We will search the MEDLINE, Embase, and Scopus databases with no date restrictions. A draft search strategy for MEDLINE is available in Additional file 2. Searches will be limited to English and French articles. We will search conference proceedings and databases of ongoing studies (including ClinicalTrials.gov, ISRCTN registry, and the WHO ICTRP portal) to identify studies not found in the databases listed above; grey literature will not be included. When appropriate, attempts to contact study authors for primary data will be made. Reference lists of eligible studies and relevant systematic reviews will be searched to identify additional studies to be considered for inclusion. All records identified from the search will be imported to EndNote X9.3.1 (Clarivate Analytics, Philadelphia, PA), a citation management programme, following which duplicates will be removed.

Screening and selection criteria

Two authors (SR and CF) will independently screen the title and abstract of each publication, and disagreements will be resolved by consensus or third author (AB). We will review a reference for the full text if this reference includes (1) a mention of coma, children (1 month–16 years) and non-traumatic aetiology and (2) recruitment in an African setting for which it is possible to disaggregate a total number of children with non-traumatic coma and possible to extract aetiology or outcome data. Those articles which do not clearly meet the inclusion criteria will be excluded. The number of records screened and excluded will be recorded.

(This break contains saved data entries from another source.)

(* For $1\le k\le n-1$, $\ell(w_k)=2k$, and for $1\le j,k\le n-1$ with $j\ne k$, $\ell(w_j\cdot w_k)=\ell(w_j)+\ell(w_k)=2(j+k)$.
   Context: $D_n$ ($n\ge2$) is the Coxeter group with generators $s_{1'},s_1,\dots,s_{n-1}$ and relations $s^2=1$, $(s_i s_{i+1})^3=1$, $(s_is_j)^2=1$ for $|i-j|\ge 2$, $(s_{1'}s_2)^3=1$, $(s_{1'}s_i)^2=1$ for $i\ne 2$. $\ell$ denotes Coxeter length with respect to $\{s_{1'},s_1,\dots,s_{n-1}\}$. $w_k=s_k s_{k-1}\cdots s_2 s_1 s_{1'} s_2\cdots s_k$. *)

(* The Coxeter group D_n is encoded by its presentation:
   elements are words in the generators modulo the congruence generated by
   the Coxeter relations.  Generators are labelled by naturals < n:
   label 0 = s_{1'}, label i (1 <= i <= n-1) = s_i. *)
From mathcomp Require Import all_boot.
Set Implicit Arguments. Unset Strict Implicit. Unset Printing Implicit Defensive.

Definition coxD_m (a b : nat) : nat :=
  if a == b then 1
  else if (a == 0) then (if b == 2 then 3 else 2)
  else if (b == 0) then (if a == 2 then 3 else 2)
  else if (a == b.+1) || (b == a.+1) then 3 else 2.

Definition altword (a b m : nat) : seq nat := flatten (nseq m [:: a; b]).

Inductive coxD_eq (n : nat) : seq nat -> seq nat -> Prop :=
  | coxD_refl w : coxD_eq n w w
  | coxD_sym u v : coxD_eq n u v -> coxD_eq n v u
  | coxD_trans u v w : coxD_eq n u v -> coxD_eq n v w -> coxD_eq n u w
  | coxD_rel u v a b : a < n -> b < n ->
      coxD_eq n (u ++ altword a b (coxD_m a b) ++ v) (u ++ v).

Definition coxD_length (n : nat) (w : seq nat) (m : nat) : Prop :=
  (exists w', coxD_eq n w w' /\ size w' = m) /\
  (forall w', coxD_eq n w w' -> m <= size w').

(* w_k = s_k s_{k-1} ... s_2 s_1 s_{1'} s_2 ... s_k *)
Definition wk (k : nat) : seq nat :=
  [seq k - i | i <- iota 0 k] ++ [:: 0] ++ iota 2 k.-1.

From mathcomp Require Import all_boot ssralg ssrnum ssrint zify.
Import GRing.Theory.
Set Implicit Arguments. Unset Strict Implicit. Unset Printing Implicit Defensive.

(* D_n acts on integer sequences of length n by even signed permutations:
   s_i (i >= 1) swaps the entries i-1 and i, and s_{1'} maps (a, b, ...) to
   (-b, -a, ...).  The number of type-D inversions of a sequence x, i.e. of
   pairs p < q with x_q < x_p or x_p + x_q < 0, changes by at most one under
   each generator, so a word u has minimal length as soon as acting by u
   raises this number by size u.  Now w_k negates the entries 0 and k
   (counting from 0), and negating the entry q of (1, ..., n) creates 2q
   inversions, so w_k and w_j w_k create 2k and 2(j + k) of them. *)

Fixpoint swap_at (i : nat) (l : seq int) : seq int :=
  match i, l with
  | 0, a :: b :: r => b :: a :: r
  | i'.+1, a :: r => a :: swap_at i' r
  | _, _ => l
  end.

Definition flip_head (l : seq int) : seq int :=
  if l is a :: b :: r then (- b)%R :: (- a)%R :: r else l.

Definition gen_act (a : nat) (l : seq int) : seq int :=
  if a is i.+1 then swap_at i l else flip_head l.

Fixpoint act (u : seq nat) (l : seq int) : seq int :=
  if u is a :: u' then gen_act a (act u' l) else l.

Lemma size_swap_at i l : size (swap_at i l) = size l.
Proof. by elim: l i => [|a l IHl] [|i] //=; [case: l {IHl} | rewrite IHl]. Qed.

Lemma size_flip_head l : size (flip_head l) = size l.
Proof. by case: l => [|a [|b r]]. Qed.

Lemma size_gen_act a l : size (gen_act a l) = size l.
Proof. by case: a => [|i]; [exact: size_flip_head | exact: size_swap_at]. Qed.

Lemma size_act u l : size (act u l) = size l.
Proof. by elim: u => //= a u IHu; rewrite size_gen_act. Qed.

Lemma act_cat u v l : act (u ++ v) l = act u (act v l).
Proof. by elim: u => //= a u ->. Qed.

Lemma swap_atK i : involutive (swap_at i).
Proof. by move=> l; elim: l i => [|a l IHl] [|i] //=; [case: l {IHl} | rewrite IHl]. Qed.

Lemma flip_headK : involutive flip_head.
Proof. by case=> [|a [|b r]] //=; rewrite !opprK. Qed.

Lemma gen_actK a : involutive (gen_act a).
Proof. by case: a => [|i]; [exact: flip_headK | exact: swap_atK]. Qed.

Lemma swap_atC i j l : i.+1 < j -> swap_at i (swap_at j l) = swap_at j (swap_at i l).
Proof.
elim: i j l => [|i IHi] [|j] l //= lt_ij; first by case: j lt_ij => // j _; case: l => [|a [|b r]].
by case: l => //= a r; rewrite IHi.
Qed.

Lemma swap_at_braid i l : i.+2 < size l ->
  swap_at i (swap_at i.+1 (swap_at i l)) = swap_at i.+1 (swap_at i (swap_at i.+1 l)).
Proof.
elim: i l => [|i IHi] [|a l] //=; first by case: l => [|b [|c r]].
by move=> lt_il; rewrite IHi.
Qed.

Lemma flip_head_swap_at i l : i != 1 -> flip_head (swap_at i l) = swap_at i (flip_head l).
Proof. by case: i => [|[|i]] //; case: l => [|a [|b r]]. Qed.

Lemma flip_head_braid l : 2 < size l ->
  flip_head (swap_at 1 (flip_head l)) = swap_at 1 (flip_head (swap_at 1 l)).
Proof. by case: l => [|a [|b [|c r]]] //= _; rewrite opprK. Qed.

Lemma coxD_mC a b : coxD_m a b = coxD_m b a.
Proof. by rewrite /coxD_m eq_sym; case: a b => [|[|[|a]]] [|[|[|b]]] //=; rewrite orbC. Qed.

Lemma gen_actC a b l : coxD_m a b = 2 -> gen_act a (gen_act b l) = gen_act b (gen_act a l).
Proof.
wlog le_ab : a b / a <= b => [hw|].
  by case/orP: (leq_total a b) => [/hw//|le_ba]; rewrite coxD_mC => /(hw _ _ le_ba).
rewrite /coxD_m; case: a b le_ab => [|a] [|b] //= le_ab.
  by case: eqP => // /eqP ne_b1 _; apply: flip_head_swap_at.
case: eqP => // ne_ab; case: ifP => // /norP[_ /eqP ne_ba] _.
by rewrite swap_atC //; lia.
Qed.

Lemma gen_act_braid a b l : coxD_m a b = 3 -> maxn a b < size l ->
  gen_act a (gen_act b (gen_act a l)) = gen_act b (gen_act a (gen_act b l)).
Proof.
wlog le_ab : a b / a <= b => [hw|].
  case/orP: (leq_total a b) => [/hw//|le_ba]; rewrite coxD_mC maxnC => m_ba lt_l.
  by rewrite (hw _ _ le_ba).
rewrite /coxD_m (maxn_idPr le_ab); case: a b le_ab => [|a] [|b] //= le_ab.
  by case: eqP => // -[->] _; apply: flip_head_braid.
rewrite !eqSS; case: eqP => // _; case: ifP => // /orP[/eqP ab | /eqP ->] _; first lia.
exact: swap_at_braid.
Qed.

Lemma act_altword a b m l :
  act (altword a b m) l = iter m (fun l => gen_act a (gen_act b l)) l.
Proof. by elim: m => //= m <-. Qed.

Lemma act_altword_coxD_m a b l : maxn a b < size l ->
  act (altword a b (coxD_m a b)) l = l.
Proof.
move=> lt_l; rewrite act_altword.
have [<-|neq_ab] := eqVneq a b; first by rewrite /coxD_m eqxx /= gen_actK.
have : coxD_m a b \in [:: 2; 3] by rewrite /coxD_m (negbTE neq_ab); repeat case: ifP.
rewrite !inE => /orP[/eqP m_ab | /eqP m_ab].
- by rewrite m_ab /= gen_actC // (gen_actK a) gen_actK.
- by rewrite m_ab /= gen_act_braid ?size_gen_act // (gen_actK b) (gen_actK a) gen_actK.
Qed.

Lemma coxD_eq_act n u v l : coxD_eq n u v -> size l = n -> act u l = act v l.
Proof.
move=> eq_uv; elim: eq_uv l => {u v} [//|u v _ IH|u v w _ IH1 _ IH2|u v a b lt_a lt_b] l size_l.
- by rewrite IH.
- by rewrite IH1 // IH2.
- by rewrite !act_cat act_altword_coxD_m // size_act size_l gtn_max lt_a.
Qed.

Definition dinv (a b : int) : nat := (b < a)%R + (a + b < 0)%R.

Definition dinv_row (a : int) (l : seq int) : nat := sumn [seq dinv a b | b <- l].

Fixpoint dinv_count (l : seq int) : nat :=
  if l is a :: r then dinv_row a r + dinv_count r else 0.

Lemma dinvC_le a b : dinv b a <= dinv a b + 1.
Proof. rewrite /dinv; lia. Qed.

Lemma dinvNl a b : dinv (- a) b = dinv a b.
Proof. rewrite /dinv; lia. Qed.

Lemma dinvNC_le a b : dinv (- b) (- a) <= dinv a b + 1.
Proof. rewrite /dinv; lia. Qed.

Lemma dinv_dominated a b : absz a < absz b -> dinv a b = 2 * (b < 0)%R.
Proof. rewrite /dinv; lia. Qed.

Lemma dinv_rowNl a l : dinv_row (- a) l = dinv_row a l.
Proof. by rewrite /dinv_row; under eq_map => b do rewrite dinvNl. Qed.

Lemma dinv_row_swap_at a i l : dinv_row a (swap_at i l) = dinv_row a l.
Proof.
rewrite /dinv_row; apply: perm_sumn; apply: perm_map.
elim: l i => [|b l IHl] [|i] //=; last by rewrite perm_cons.
by case: l {IHl} => [|c r] //; apply/permP => p /=; rewrite addnCA.
Qed.

Lemma dinv_count_swap_at i l : dinv_count (swap_at i l) <= dinv_count l + 1.
Proof.
elim: l i => [|a l IHl] [|i] //=; last by rewrite dinv_row_swap_at; have := IHl i; lia.
case: l {IHl} => [|b r] //=; rewrite /dinv_row /= -!/(dinv_row _ r).
by have := dinvC_le a b; lia.
Qed.

Lemma dinv_count_flip_head l : dinv_count (flip_head l) <= dinv_count l + 1.
Proof.
case: l => [|a [|b r]] //=; rewrite /dinv_row /= -!/(dinv_row _ r) !dinv_rowNl.
by have := dinvNC_le a b; lia.
Qed.

Lemma dinv_count_gen_act a l : dinv_count (gen_act a l) <= dinv_count l + 1.
Proof. by case: a => [|i]; [exact: dinv_count_flip_head | exact: dinv_count_swap_at]. Qed.

Lemma dinv_count_act u l : dinv_count (act u l) <= size u + dinv_count l.
Proof. by elim: u => //= a u IHu; have := dinv_count_gen_act a (act u l); lia. Qed.

Lemma coxD_length_of_dinv_count n u l : size l = n ->
  dinv_count (act u l) = size u + dinv_count l -> coxD_length n u (size u).
Proof.
move=> size_l dinv_u; split; first by exists u; split; first exact: coxD_refl.
move=> w eq_uw; have := dinv_count_act w l.
by rewrite -(coxD_eq_act eq_uw size_l) dinv_u leq_add2r.
Qed.

Lemma dinv_count_rcons l x :
  dinv_count (rcons l x) = dinv_count l + sumn [seq dinv a x | a <- l].
Proof. by elim: l => //= a l ->; rewrite /dinv_row map_rcons sumn_rcons; lia. Qed.

Lemma sumn_dinv_dominated l x : (forall a, a \in l -> absz a < absz x) ->
  sumn [seq dinv a x | a <- l] = 2 * (x < 0)%R * size l.
Proof.
elim: l => [|a l IHl] lt_lx /=; first by rewrite muln0.
rewrite dinv_dominated ?lt_lx ?mem_head // IHl => [|b l_b]; first by rewrite mulnS.
by apply: lt_lx; rewrite in_cons l_b orbT.
Qed.

Definition signed_iota (sg : nat -> bool) (n : nat) : seq int :=
  mkseq (fun i => if sg i then - i.+1%:Z else i.+1%:Z)%R n.

Lemma dinv_count_signed_iota sg n :
  dinv_count (signed_iota sg n) = 2 * \sum_(0 <= i < n | sg i) i.
Proof.
elim: n => [|n IHn]; first by rewrite big_geq.
rewrite /signed_iota mkseqS dinv_count_rcons -/(signed_iota sg n) IHn.
rewrite sumn_dinv_dominated ?size_mkseq => [|a /mapP[i]]; last first.
  by rewrite mem_iota => /andP[_ lt_in] ->; case: (sg i); case: (sg n) => /=; lia.
by rewrite [in RHS]big_mkcond big_nat_recr //= -big_mkcond; case: (sg n) => /=; lia.
Qed.

Lemma sum_pred2_xor n j k : j != k -> j < n -> k < n ->
  \sum_(0 <= i < n | (i == j) (+) (i == k)) i = j + k.
Proof.
move=> neq_jk lt_jn lt_kn.
rewrite big_mkcond (eq_bigr (fun i => (if i == j then i else 0) + (if i == k then i else 0))).
  by rewrite big_split -!big_mkcond !big_nat1_eq /= lt_jn lt_kn.
by move=> i _; do 2 case: eqP => /=; lia.
Qed.

Fixpoint neg_at (i : nat) (l : seq int) : seq int :=
  match i, l with
  | _, [::] => [::]
  | 0, a :: r => (- a)%R :: r
  | i'.+1, a :: r => a :: neg_at i' r
  end.

Lemma size_neg_at i l : size (neg_at i l) = size l.
Proof. by elim: l i => [|a l IHl] [|i] //=; rewrite IHl. Qed.

Lemma nth_neg_at i l q :
  nth 0%R (neg_at i l) q = if q == i then (- nth 0 l q)%R else nth 0%R l q.
Proof. by elim: l i q => [|a l IHl] [|i] [|q] //=; rewrite ?IHl ?oppr0 ?if_same. Qed.

Lemma neg_atC i j l : neg_at i (neg_at j l) = neg_at j (neg_at i l).
Proof. by elim: l i j => [|a l IHl] [|i] [|j] //=; rewrite IHl. Qed.

Lemma neg_atK i : involutive (neg_at i).
Proof. by move=> l; elim: l i => [|a l IHl] [|i] //=; rewrite ?opprK ?IHl. Qed.

Lemma neg_at_signed_iota i sg n :
  neg_at i (signed_iota sg n) = signed_iota (fun q => sg q (+) (q == i)) n.
Proof.
apply: (@eq_from_nth _ 0%R); rewrite size_neg_at !size_mkseq // => q lt_qn.
rewrite nth_neg_at !nth_mkseq //.
by case: (sg q); case: (q == i); rewrite ?opprK.
Qed.

Lemma swap_at_neg_at0 i l : 0 < i -> swap_at i (neg_at 0 l) = neg_at 0 (swap_at i l).
Proof. by case: i => // i _; case: l. Qed.

Lemma swap_at_neg_at i l : i.+1 < size l ->
  swap_at i (neg_at i (swap_at i l)) = neg_at i.+1 l.
Proof.
elim: i l => [|i IHi] [|a l] //=; first by case: l => [|b r].
by move=> lt_il; rewrite IHi.
Qed.

Lemma wkS k : 0 < k -> wk k.+1 = k.+1 :: wk k ++ [:: k.+1].
Proof.
case: k => // k _; rewrite /wk.
have -> : [seq k.+2 - i | i <- iota 0 k.+2] = k.+2 :: [seq k.+1 - i | i <- iota 0 k.+1].
  have -> : iota 0 k.+2 = 0 :: map succn (iota 0 k.+1) by rewrite -(iotaDl 1 0).
  by rewrite /= -map_comp subn0; congr (_ :: _); apply: eq_map.
have -> : iota 2 k.+1 = iota 2 k ++ [:: k.+2] by have := iotaD 2 k 1; rewrite addn1.
by rewrite !catA.
Qed.

Lemma size_wk k : 0 < k -> size (wk k) = 2 * k.
Proof. by rewrite /wk !size_cat size_map !size_iota /=; lia. Qed.

Lemma act_wk k l : 0 < k < size l -> act (wk k) l = neg_at 0 (neg_at k l).
Proof.
elim: k l => [|k IHk] l //; case: k IHk => [_|k IHk] /andP[_ lt_kl].
  by case: l lt_kl => [|a [|b r]].
rewrite wkS // -cat1s act_cat (act_cat (wk k.+1)) IHk; last by rewrite size_act; lia.
change (swap_at k.+1 (neg_at 0 (neg_at k.+1 (swap_at k.+1 l))) = neg_at 0 (neg_at k.+2 l)).
by rewrite swap_at_neg_at0 // swap_at_neg_at.
Qed.

Lemma dinv_count_neg_at2 n j k : j != k -> j < n -> k < n ->
  dinv_count (neg_at j (neg_at k (signed_iota xpred0 n))) = 2 * (j + k).
Proof.
move=> neq_jk lt_jn lt_kn; rewrite !neg_at_signed_iota dinv_count_signed_iota /=.
by rewrite sum_pred2_xor 1?eq_sym // addnC.
Qed.

Theorem mainTheorem11 (n : nat) (hn : 2 <= n) :
  (forall k, 1 <= k <= n.-1 -> coxD_length n (wk k) (2 * k)) /\
  (forall j k, 1 <= j <= n.-1 -> 1 <= k <= n.-1 -> j != k ->
     exists lj lk,
       [/\ coxD_length n (wk j) lj, coxD_length n (wk k) lk,
           coxD_length n (wk j ++ wk k) (lj + lk) & lj + lk = 2 * (j + k)]).
Proof.
pose e := signed_iota xpred0 n.
have size_e : size e = n by rewrite size_mkseq.
have dinv_e : dinv_count e = 0 by rewrite dinv_count_signed_iota big_pred0.
have len_wk k : 1 <= k <= n.-1 -> coxD_length n (wk k) (2 * k).
  move=> /andP[k_gt0 k_lt]; rewrite -size_wk //.
  apply: (coxD_length_of_dinv_count size_e).
  rewrite act_wk; last by rewrite size_e; lia.
  by rewrite /e dinv_count_neg_at2 ?size_wk ?dinv_e //; lia.
split=> [//|j k j_range k_range neq_jk].
exists (2 * j), (2 * k); split; [exact: len_wk | exact: len_wk | | by rewrite mulnDr].
move: j_range k_range => /andP[j_gt0 j_lt] /andP[k_gt0 k_lt].
rewrite -!size_wk // -size_cat; apply: (coxD_length_of_dinv_count size_e).
rewrite act_cat act_wk; last by rewrite size_act size_e; lia.
rewrite act_wk; last by rewrite size_e; lia.
rewrite (neg_atC j 0) neg_atK /e dinv_count_neg_at2 ?(size_cat (wk j)) ?size_wk ?dinv_e //; lia.
Qed.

The full text of the identified studies will be individually assessed for eligibility against the predetermined criteria by two reviewers (two out of CF, SR, and AB for each article) in duplicate, with disagreements resolved by consensus or third reviewer. Reasons for exclusion of full-text articles will be documented. Articles will be stored and managed in EndNote X9.3.1 (Clarivate Analytics, Philadelphia, PA).

Data extraction

We will use the Cochrane Effective Practice and Organisation of Care (EPOC) standard data collection form and adapt it for study characteristics and outcome data [17]. Two review authors will pilot the form on a randomly selected subset of 10% of included studies [15, 18]. Pilot testing of the forms will include a computation of the reviewers’ reliability. Reviewers will extract data independently and in duplicate from each eligible study. Attempts to contact authors will be made to obtain missing outcome data or other key study characteristics. The full data extraction form can be found in Additional file 3.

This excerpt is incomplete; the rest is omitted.